TASK ITEM:
Your job with the data below: print everything from the line that holds "by apply: x0_near x_sol; lra." down to the line that holds "(* For a monopoly", ends included, exactly, and nothing else.

DATASET ENTRIES:
Lemma pullback_solution_at0_near Lam lam_m X_m eps :
  attracting_fixed_point f X_m lam_m -> Lam s @[s --> -oo] --> lam_m -> 0 < eps ->
  exists2 M, 0 < M & forall r x, M <= r -> pullback_solution f Lam r X_m x ->
  `|x 0 - X_m| <= eps.
Proof.
move=> Xm_attr Lam_lim eps_gt0.
have [delta delta_gt0 [g g_gt0 stable]] :=
  attracting_fixed_point_stable Xm_attr eps_gt0.
have [M M_gt0 LamM] := cvg_ninfty_dist_le Lam_lim g_gt0.
exists M => // r x rM [xS x_lim].
have /cvgrPdist_le /(_ delta delta_gt0) [K _ xK] := x_lim.
(* Restart the solution at time -K, where it is already delta-close to X_m. *)
have := stable (fun j => x (j%:Z - K%:Z)) (fun j => Lam (r * (j%:Z - K%:Z)%:~R)) K.
rewrite subrr; apply => [|j|j jK].
- by rewrite sub0r distrC; exact: (xK K (leqnn K)).
- by rewrite -xS addrAC -[j.+1]addn1 PoszD.
- apply: LamM; rewrite intrB.
  have jK' : j%:R + 1 <= K%:R :> R by rewrite natr1 ler_nat.
  have : r * (j%:R - K%:R) <= r * -1 by apply: ler_wpM2l; lra.
  lra.
Qed.

End Attraction.

Lemma cvg_rV0 (R : realType) (u : nat -> 'rV[R]_0) (a : 'rV[R]_0) : u @ \oo --> a.
Proof.
by rewrite (_ : u = fun=> a); [exact: cvg_cst | apply/funext => k; apply/rowP => -[]].
Qed.

Theorem mainTheorem5 (R : realType) (l m : nat)
  (f : 'rV[R]_l -> 'rV[R]_m -> 'rV[R]_l)
  (Lam : R -> 'rV[R]_m) (lam_m lam_p : 'rV[R]_m)
  (X : R -> 'rV[R]_l) (X_m X_p : 'rV[R]_l) (Y_p : 'rV[R]_l) :
  C1_map f ->
  parameter_shift Lam lam_m lam_p ->
  stable_path f Lam lam_m lam_p X X_m X_p ->
  attracting_fixed_point f Y_p lam_p ->
  basin f Y_p lam_p (f (f X_m (Lam 0)) lam_p) ->
  exists r1 : R, 0 < r1 /\
    forall r : R, r1 < r ->
    forall x : int -> 'rV[R]_l, pullback_solution f Lam r X_m x ->
      (fun k : nat => x (k%:Z)) @ \oo --> Y_p.
Proof.
case: l f X X_m X_p Y_p => [|n] f X X_m X_p Y_p.
  by exists 1; split=> // *; exact: cvg_rV0.
move=> [f_diff J_cont] [_ [_ [Lam_m [Lam_p _]]]].
move=> [_ [_ [_ [_ [fXm [_ [_ [Xm_stable _]]]]]]]] Yp_attr /basin_of_image Z1_basin.
have [eta eta_gt0 robust] := basin_robust f_diff J_cont Yp_attr Z1_basin.
have [d d_gt0 f_near] := f_continuous_at f_diff X_m (Lam 0) eta_gt0.
have [M1 M1_gt0 x0_near] :=
  pullback_solution_at0_near f_diff J_cont (conj fXm Xm_stable) Lam_m d_gt0.
have [M2 M2_gt0 LamM2] := cvg_pinfty_dist_le Lam_p eta_gt0.
exists (M1 + M2); split=> [|r rM x x_sol]; first lra.
rewrite -cvg_shiftS; apply: (robust _ (fun k => Lam (r * k.+1%:R))) => /= [|k|k|].
- rewrite (pullback_solution_natS 0 x_sol) mulr0; apply/ltW/f_near.
    by apply: x0_near x_sol; lra.
  by rewrite subrr normr0 ltW.
- exact: pullback_solution_natS x_sol.
- apply: LamM2; apply: le_trans (ler_peMr _ _); rewrite ?ler1n //; lra.
- apply: cvg_at_arithmetic Lam_p; lra.
Qed.
(* For a monopoly SP, the optimal revenue-maximizing and social welfare-maximizing bandwidth allocation strategies are the same and are determined by the following cases: 1. If $B_S^0\le \frac{N_f\lambda_S^{1/\alpha-1}B}{N_f\lambda_S^{1/\alpha-1}+N_m}$, the optimal bandwidth allocation remains the same as that without the regulatory constraint, namely $B_S^{\text{SW}}=B_S^{\text{rev}}=\frac{N_f\lambda_S^{1/\alpha-1}B}{N_f\lambda_S^{1/\alpha-1}+N_m}$ and $B_M^{\text{SW}}=B_M^{\text{rev}}=\frac{N_m B}{N_f\lambda_S^{1/\alpha-1}+N_m}$. 2. If $B_S^0> \frac{N_f\lambda_S^{1/\alpha-1}B}{N_f\lambda_S^{1/\alpha-1}+N_m}$, the optimal bandwidth allocation is $B_S^{\text{SW}}=B_S^{\text{rev}}=B_S^0$, $B_M^{\text{SW}}=B_M^{\text{rev}}=B-B_S^0$, and consequently there is both a welfare and a revenue loss (relative to the unconstrained case). In both cases the optimal macro- and small-cell service prices are market-clearing prices, i.e., prices that equalize total rate demand and total rate supply in both cells.
   Context: A single service provider (SP) has total licensed bandwidth $B$, which it splits into macro-cell bandwidth $B_M$ and small-cell bandwidth $B_S$ subject to $B_M+B_S\le B$, $B_M\ge 0$, and the regulatory constraint $B_S\ge B_S^0$ (a required minimum small-cell bandwidth). Macro-cells provide total rate $C_M=B_M R_0$ and small-cells provide total rate $C_S=\lambda_S B_S R_0$, where $R_0$ is the macro-cell spectral efficiency and $\lambda_S>1$. There are mobile users of density $N_m$, who can only associate with macro-cells (and have priority there), and fixed users of density $N_f$, who can associate with either macro- or small-cells (but not both). Every user has utility $u(r)=r^{1-\alpha}/(1-\alpha)$ with $\alpha\in(0,1)$, and given a price $p$ per unit rate chooses rate $D(p)=(1/p)^{1/\alpha}$. The SP charges prices $p_M,p_S\in(0,\infty)$ per unit rate for macro- and small-cell service; users pick the cheapest service and fill its capacity (splitting proportionally to capacities under ties, with leftover demand spilling over). With $K_M,K_S$ the masses of users associated with macro- and small-cells, the SP's revenue is $p_M K_M D(p_M)+p_S K_S D(p_S)$ and social welfare is $K_M u(D(p_M))+K_S u(D(p_S))$. The SP first chooses the bandwidth split, then prices. $B_S^{\text{SW}},B_M^{\text{SW}}$ denote the welfare-maximizing allocation and $B_S^{\text{rev}},B_M^{\text{rev}}$ the revenue-maximizing allocation. *)

From Stdlib Require Import Reals Lra.
Open Scope R_scope.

TASK SOLUTION:
    by apply: x0_near x_sol; lra.
  by rewrite subrr normr0 ltW.
- exact: pullback_solution_natS x_sol.
- apply: LamM2; apply: le_trans (ler_peMr _ _); rewrite ?ler1n //; lra.
- apply: cvg_at_arithmetic Lam_p; lra.
Qed.
(* For a monopoly SP, the optimal revenue-maximizing and social welfare-maximizing bandwidth allocation strategies are the same and are determined by the following cases: 1. If $B_S^0\le \frac{N_f\lambda_S^{1/\alpha-1}B}{N_f\lambda_S^{1/\alpha-1}+N_m}$, the optimal bandwidth allocation remains the same as that without the regulatory constraint, namely $B_S^{\text{SW}}=B_S^{\text{rev}}=\frac{N_f\lambda_S^{1/\alpha-1}B}{N_f\lambda_S^{1/\alpha-1}+N_m}$ and $B_M^{\text{SW}}=B_M^{\text{rev}}=\frac{N_m B}{N_f\lambda_S^{1/\alpha-1}+N_m}$. 2. If $B_S^0> \frac{N_f\lambda_S^{1/\alpha-1}B}{N_f\lambda_S^{1/\alpha-1}+N_m}$, the optimal bandwidth allocation is $B_S^{\text{SW}}=B_S^{\text{rev}}=B_S^0$, $B_M^{\text{SW}}=B_M^{\text{rev}}=B-B_S^0$, and consequently there is both a welfare and a revenue loss (relative to the unconstrained case). In both cases the optimal macro- and small-cell service prices are market-clearing prices, i.e., prices that equalize total rate demand and total rate supply in both cells.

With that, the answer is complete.